DESCRIPTION OF THE TASK
Only one stretch of the listing below is wanted. Give it again exactly, from the line with "rewrite /wdist (_" through the line with "rewrite expnSr =>".

LISTED RECORDS
####

Lemma gibbs_ge0 eta : 0 <= gibbs beta eta.
Proof. by apply: divr_ge0; apply/ltW; [exact: weight_gt0 | exact: partition_gt0]. Qed.

Lemma gibbs_sum1 : \sum_(eta : config n) gibbs beta eta = 1.
Proof. by rewrite /gibbs -mulr_suml mulfV // lt0r_neq0 // partition_gt0. Qed.

Lemma Pcol_opE f eta :
  Pcol_op f eta = n%:R^-1 * \sum_i \sum_(j : 'I_n.+1)
     weight beta (update eta i j) / col_partition eta i * f (update eta i j).
Proof.
rewrite /Pcol_op /Pcol (eq_bigr (fun eta' => n%:R^-1 * \sum_i \sum_(j : 'I_n.+1)
    (if eta' == update eta i j then weight beta (update eta i j) / col_partition eta i
     else 0) * f eta')); last first.
  move=> eta' _; rewrite -mulrA mulr_suml; congr (_ * _).
  by apply: eq_bigr => i _; rewrite mulr_suml.
rewrite -mulr_sumr exchange_big; congr (_ * _); apply: eq_bigr => i _.
by rewrite exchange_big; apply: eq_bigr => j _; exact: sumr_ifeq.
Qed.

(* Detailed balance of a single column resampling: [(eta, j) |-> (eta^j, eta i)] is an
   involution preserving [weight eta * weight eta^j / col_partition eta i]. *)
Lemma sum_weight_col_resample f i :
  \sum_eta weight beta eta * \sum_(j : 'I_n.+1)
     weight beta (update eta i j) / col_partition eta i * f (update eta i j) =
  \sum_eta weight beta eta * f eta.
Proof.
pose G p := weight beta p.1 * (weight beta (update p.1 i p.2) / col_partition p.1 i *
  f (update p.1 i p.2)).
pose h p := (update p.1 i p.2, p.1 i) : config n * 'I_n.+1.
have h_inv : involutive h by case=> eta j; rewrite /h /= update_update update_id update_at.
transitivity (\sum_p G p).
  by rewrite sum_prod; apply: eq_bigr => eta _; rewrite mulr_sumr.
rewrite (reindex_inj (inv_inj h_inv)) sum_prod; apply: eq_bigr => eta _.
rewrite (eq_bigr (fun j => weight beta (update eta i j) * (weight beta eta /
    col_partition eta i * f eta))); last first.
  by move=> j _; rewrite /G /h /= update_update update_id col_partition_update.
rewrite -mulr_suml -/(col_partition eta i); field.
exact/lt0r_neq0/col_partition_gt0.
Qed.

Lemma gibbs_Pcol_op f : (0 < n)%N ->
  \sum_eta gibbs beta eta * Pcol_op f eta = \sum_eta gibbs beta eta * f eta.
Proof.
move=> n_gt0; rewrite /gibbs; set Z := \sum_(xi : config n) weight beta xi.
have Z_neq0 : Z != 0 by exact/lt0r_neq0/partition_gt0.
have n_neq0 : (n%:R : R) != 0 by rewrite pnatr_eq0 -lt0n.
rewrite (eq_bigr (fun eta => (Z * n%:R)^-1 * \sum_i weight beta eta * \sum_(j : 'I_n.+1)
    weight beta (update eta i j) / col_partition eta i * f (update eta i j))); last first.
  by move=> eta _; rewrite Pcol_opE -mulr_sumr; field; rewrite Z_neq0 n_neq0.
rewrite -mulr_sumr exchange_big /=.
under eq_bigr do rewrite sum_weight_col_resample.
rewrite sumr_const card_ord -mulr_natr.
rewrite [RHS](eq_bigr (fun eta => Z^-1 * (weight beta eta * f eta))); last by move=> eta _; ring.
by rewrite -mulr_sumr; field; rewrite Z_neq0 n_neq0.
Qed.

Lemma gibbs_Pcol_iter t f : (0 < n)%N ->
  \sum_eta gibbs beta eta * Pcol_iter t f eta = \sum_eta gibbs beta eta * f eta.
Proof. by move=> n_gt0; elim: t f => [|t IH] f //=; rewrite IH gibbs_Pcol_op. Qed.

Lemma law_Pcol_iter t xi f :
  \sum_eta law beta t xi eta * f eta = Pcol_iter t f xi.
Proof.
elim: t f => [|t IH] f /=; first by rewrite sumr_ifeq mul1r.
rewrite -IH (eq_bigr (fun eta' => \sum_eta law beta t xi eta * (Pcol beta eta eta' * f eta'))).
  by rewrite exchange_big; apply: eq_bigr => eta _; rewrite -mulr_sumr.
by move=> eta' _; rewrite mulr_suml; apply: eq_bigr => eta _; rewrite mulrA.
Qed.

Lemma col_resample_avg f eta i :
  \sum_(j : 'I_n.+1) weight beta (update eta i j) / col_partition eta i * f (update eta i j) =
  col_avg (expR (- beta)) n (ht eta i) (ht eta i.+2) (fun k => f (update eta i (inord k))).
Proof.
set E := expR (- (beta * energy_off R eta i)).
set w := col_weight (expR (- beta)) (ht eta i) (ht eta i.+2).
have hZ : col_partition eta i = E * \sum_(j : 'I_n.+1) w j.
  by rewrite mulr_sumr; apply: eq_bigr => j _; rewrite weight_update.
have hS : 0 < \sum_(j : 'I_n.+1) w j.
  by rewrite -(big_mkord xpredT w) col_weight_sum_gt0 ?expR_gt0.
rewrite /col_avg !big_mkord hZ mulr_suml.
apply: eq_bigr => j _; rewrite weight_update inord_val -/E -/w; field.
by rewrite !gt_eqF ?expR_gt0.
Qed.

Lemma Pcol_op_col_avg f eta :
  Pcol_op f eta = n%:R^-1 * \sum_(i : 'I_n)
    col_avg (expR (- beta)) n (ht eta i) (ht eta i.+2) (fun k => f (update eta i (inord k))).
Proof. by rewrite Pcol_opE; congr (_ * _); apply: eq_bigr => i _; exact: col_resample_avg. Qed.

End HeatBath.

Lemma sum_nat_shift (R : zmodType) (F : nat -> R) m : F 0%N = 0 -> F m = 0 ->
  \sum_(0 <= i < m) F i.+1 = \sum_(0 <= i < m) F i.
Proof.
move=> F0 Fm; apply: (@addrI _ (F 0%N)).
by rewrite -big_nat_recl // big_nat_recr //= F0 Fm add0r addr0.
Qed.

Section WeightedDistance.
Variables (R : realType) (n : nat).
Implicit Types (eta : config n) (i : 'I_n).

Definition col_coef (k : nat) : R := (k * (n.+1 - k))%:R.

Definition wdist eta eta' : R :=
  \sum_(i : 'I_n) col_coef i.+1 * `|(eta i)%:R - (eta' i)%:R|.

Definition ht_dist eta eta' (k : nat) : R := (`|ht eta k - ht eta' k|%N)%:R.

Definition wlipschitz (L : R) (f : config n -> R) :=
  forall eta eta', f eta - f eta' <= L * wdist eta eta'.

Lemma col_coef_ge0 k : 0 <= col_coef k.
Proof. exact: ler0n. Qed.

Lemma col_coef_le i : col_coef i.+1 <= (n * n)%:R.
Proof. by rewrite ler_nat leq_mul //; lia. Qed.

Lemma col_coef_concave k : (k < n)%N -> col_coef k + col_coef k.+2 = 2 * col_coef k.+1 - 2.
Proof.
move=> hk; apply: (@addIr _ 2); rewrite subrK /col_coef -!natrD -natrM; congr _%:R.
have [m ->] : exists m, n = (k + 1 + m)%N by exists (n - k - 1)%N; lia.
have -> : ((k + 1 + m).+1 - k = m.+2)%N by lia.
have -> : ((k + 1 + m).+1 - k.+2 = m)%N by lia.
have -> : ((k + 1 + m).+1 - k.+1 = m.+1)%N by lia.
nia.
Qed.

Lemma sum_col_coef_neighbours (x : nat -> R) : x 0%N = 0 -> x n.+1 = 0 ->
  \sum_(0 <= i < n) col_coef i.+1 * (x i + x i.+2) =
  \sum_(0 <= i < n) (2 * col_coef i.+1 - 2) * x i.+1.
Proof.
move=> x0 xn.
have e1 : \sum_(0 <= i < n) col_coef i.+2 * x i.+1 = \sum_(0 <= i < n) col_coef i.+1 * x i.
  apply: (sum_nat_shift (F := fun k => col_coef k.+1 * x k)); first by rewrite x0 mulr0.
  by rewrite /col_coef subnn muln0 mul0r.
have e2 : \sum_(0 <= i < n) col_coef i * x i.+1 = \sum_(0 <= i < n) col_coef i.+1 * x i.+2.
  symmetry; apply: (sum_nat_shift (F := fun k => col_coef k * x k.+1)).
    by rewrite /col_coef mul0n mul0r.
  by rewrite xn mulr0.
have -> : \sum_(0 <= i < n) col_coef i.+1 * (x i + x i.+2) =
    \sum_(0 <= i < n) col_coef i.+2 * x i.+1 + \sum_(0 <= i < n) col_coef i * x i.+1.
  by rewrite e1 e2 -big_split; apply: eq_bigr => i _ /=; ring.
rewrite -big_split; apply: eq_big_nat => i /andP[_ hi] /=.
by rewrite -col_coef_concave //; ring.
Qed.

Lemma wdistE eta eta' : wdist eta eta' = \sum_(0 <= i < n) col_coef i.+1 * ht_dist eta eta' i.+1.
Proof. by rewrite /wdist big_mkord; apply: eq_bigr => i _; rewrite /ht_dist !htS normr_natB. Qed.

Lemma wdist_ge0 eta eta' : 0 <= wdist eta eta'.
Proof. by apply: sumr_ge0 => i _; rewrite mulr_ge0 ?col_coef_ge0. Qed.

Lemma wdist_ge1 eta eta' : eta != eta' -> 1 <= wdist eta eta'.
Proof.
move=> neq; have [i hi] : exists i, eta i != eta' i.
  by apply/existsP; apply: contraNT neq => /existsPn h; apply/eqP/ffunP => i; apply/eqP/negPn.
rewrite /wdist (bigD1 i) //= -[X in X <= _]addr0 lerD //; last first.
  by apply: sumr_ge0 => k _; rewrite mulr_ge0 ?col_coef_ge0.
have := ltn_ord i; rewrite normr_natB /col_coef -natrM ler1n !muln_gt0 !lt0n distn_eq0.
by rewrite (inj_eq val_inj) hi andbT; lia.
Qed.

Lemma wdist_le eta eta' : wdist eta eta' <= n%:R ^+ 4.
Proof.
rewrite /wdist (_ : n%:R ^+ 4 = \sum_(i : 'I_n) (n%:R ^+ 3 : R)); last first.
  by rewrite sumr_const card_ord -(mulr_natl (n%:R ^+ 3)) -exprS.
apply: ler_sum => i _; rewrite normr_natB /col_coef -natrM -natrX ler_nat.
have := ltn_ord i; have := ltn_ord (eta i); have := ltn_ord (eta' i).
rewrite expnSr => ha hb hi; apply: leq_mul; last by lia.
by rewrite expnS expn1; apply: leq_mul; lia.
Qed.

Lemma wdist_update2 eta eta' i j :
  wdist (update eta i j) (update eta' i j) =
    wdist eta eta' - col_coef i.+1 * ht_dist eta eta' i.+1.
Proof.
rewrite /wdist (bigD1 i) //= [X in _ = X - _](bigD1 i) //= !update_at subrr normr0 mulr0.
rewrite add0r /ht_dist !htS normr_natB addrC addrK.
by apply: eq_bigr => k hk; rewrite !ffunE (negbTE hk).
Qed.

Lemma wdist_update eta i j j' :
  wdist (update eta i j) (update eta i j') = col_coef i.+1 * (`|j - j'|%N)%:R.
Proof.
rewrite /wdist (bigD1 i) //= !update_at normr_natB big1 ?addr0 // => k hk.
by rewrite !ffunE (negbTE hk) subrr normr0 mulr0.
Qed.

End WeightedDistance.

Section Contraction.
Variables (R : realType) (beta : R) (n : nat).
Hypothesis beta_gt0 : 0 < beta.
Implicit Types (eta : config n) (i : 'I_n) (f : config n -> R).

Local Notation q := (expR (- beta)).
Local Notation coef := (col_coef R n).
Local Notation hdist := (ht_dist R).

Let q_gt0 : 0 < q. Proof. exact: expR_gt0. Qed.
Let q_lt1 : q < 1. Proof. by rewrite expR_lt1 oppr_lt0. Qed.

(* Split through the law of column [i] in [eta] applied to [f] updated in [eta']: the first
   difference sees only the columns other than [i], the second only the neighbours of [i]. *)
Lemma col_avg_update_le L f eta eta' i : 0 <= L -> wlipschitz L f ->
  col_avg q n (ht eta i) (ht eta i.+2) (fun k => f (update eta i (inord k))) -
  col_avg q n (ht eta' i) (ht eta' i.+2) (fun k => f (update eta' i (inord k))) <=
  L * (wdist R eta eta' - coef i.+1 * hdist eta eta' i.+1) +
  L * coef i.+1 * (hdist eta eta' i + hdist eta eta' i.+2) / 2.
Proof.
move=> L0 Hf.
set g := fun k => f (update eta i (inord k)); set g' := fun k => f (update eta' i (inord k)).
set a := ht eta i; set b := ht eta i.+2.
rewrite -[X in X <= _](subrKA (col_avg q n a b g')) lerD //.
  rewrite col_avgB; apply: (col_avg_le q_gt0) => k _.
  by have := Hf (update eta i (inord k)) (update eta' i (inord k)); rewrite wdist_update2.
have c0 : 0 <= L * coef i.+1 by rewrite mulr_ge0 ?col_coef_ge0.
have ht_n := @ht_le n.
apply: le_trans (col_avg_lipschitz q_gt0 q_lt1 (ht_n _ _) (ht_n _ _) (ht_n _ _) (ht_n _ _) c0 _) _.
  move=> k k' hk hk'; have := Hf (update eta' i (inord k)) (update eta' i (inord k')).
  by rewrite wdist_update !inordK // mulrA.
by rewrite /ht_dist natrD.
Qed.

Lemma Pcol_op_contract L f : (0 < n)%N -> 0 <= L -> wlipschitz L f ->
  wlipschitz (L * (1 - (n%:R ^+ 3)^-1)) (Pcol_op beta f).
Proof.
move=> n_gt0 L0 Hf eta eta'.
have n_pos : (0 : R) < n%:R by rewrite ltr0n.
set d := wdist R eta eta'; set x := hdist eta eta'; set S := \sum_(0 <= i < n) x i.+1.
pose F k := L * (d - coef k.+1 * x k.+1) + L * coef k.+1 * (x k + x k.+2) / 2.
have sumF : \sum_(0 <= k < n) F k = n%:R * L * d - L * S.
  rewrite (eq_bigr (fun k => (L * d - L * x k.+1) + L / 2 * (coef k.+1 * (x k + x k.+2) -
      (2 * coef k.+1 - 2) * x k.+1))); last by move=> k _; rewrite /F; field.
  rewrite big_split /= -mulr_sumr [X in L / 2 * X]sumrB.
  rewrite sum_col_coef_neighbours ?subrr ?mulr0 ?addr0.
  - by rewrite sumrB sumr_const_nat subn0 -mulr_sumr -mulrA mulr_natl.
  - by rewrite /x /ht_dist distnn.
  - by rewrite /x /ht_dist !ht_out.
have dS : d <= (n * n)%:R * S.
  rewrite /d wdistE /S mulr_sumr; apply: ler_sum_nat => k /andP[_ hk].
  by rewrite ler_wpM2r ?ler0n // (col_coef_le _ (Ordinal hk)).
rewrite !Pcol_op_col_avg -mulrBr -sumrB.
apply: le_trans (ler_wpM2l _ (_ : _ <= \sum_(0 <= k < n) F k)) _.
- by rewrite invr_ge0 ltW.
- by rewrite big_mkord; apply: ler_sum => i _; exact: col_avg_update_le.
rewrite sumF -subr_ge0.
have -> : L * (1 - (n%:R ^+ 3)^-1) * d - n%:R^-1 * (n%:R * L * d - L * S) =
    L * ((n * n)%:R * S - d) / n%:R ^+ 3 by rewrite natrM; field; rewrite gt_eqF.
by rewrite divr_ge0 ?mulr_ge0 ?subr_ge0 ?exprn_ge0 // ltW.
Qed.

Lemma Pcol_iter_lipschitz L f t : (0 < n)%N -> 0 <= L -> wlipschitz L f ->
  wlipschitz (L * (1 - (n%:R ^+ 3)^-1) ^+ t) (Pcol_iter beta t f).
Proof.
move=> n_gt0; have k0 : 0 <= 1 - (n%:R ^+ 3 : R)^-1.
  by rewrite subr_ge0 invf_le1 ?exprn_ege1 ?ler1n ?exprn_gt0 ?ltr0n.
elim: t f L => [|t IH] f L L0 Hf /=; first by rewrite expr0 mulr1.
by rewrite exprS mulrA; apply: IH; [exact: mulr_ge0 | exact: Pcol_op_contract].
Qed.

End Contraction.

Section Mixing.
Variables (R : realType) (beta : R) (n : nat).
Hypotheses (beta_gt0 : 0 < beta) (n_gt0 : (0 < n)%N).
Implicit Types (eta xi : config n) (f : config n -> R).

####

ANSWER BOX
rewrite /wdist (_ : n%:R ^+ 4 = \sum_(i : 'I_n) (n%:R ^+ 3 : R)); last first.
  by rewrite sumr_const card_ord -(mulr_natl (n%:R ^+ 3)) -exprS.
apply: ler_sum => i _; rewrite normr_natB /col_coef -natrM -natrX ler_nat.
have := ltn_ord i; have := ltn_ord (eta i); have := ltn_ord (eta' i).
rewrite expnSr => ha hb hi; apply: leq_mul; last by lia.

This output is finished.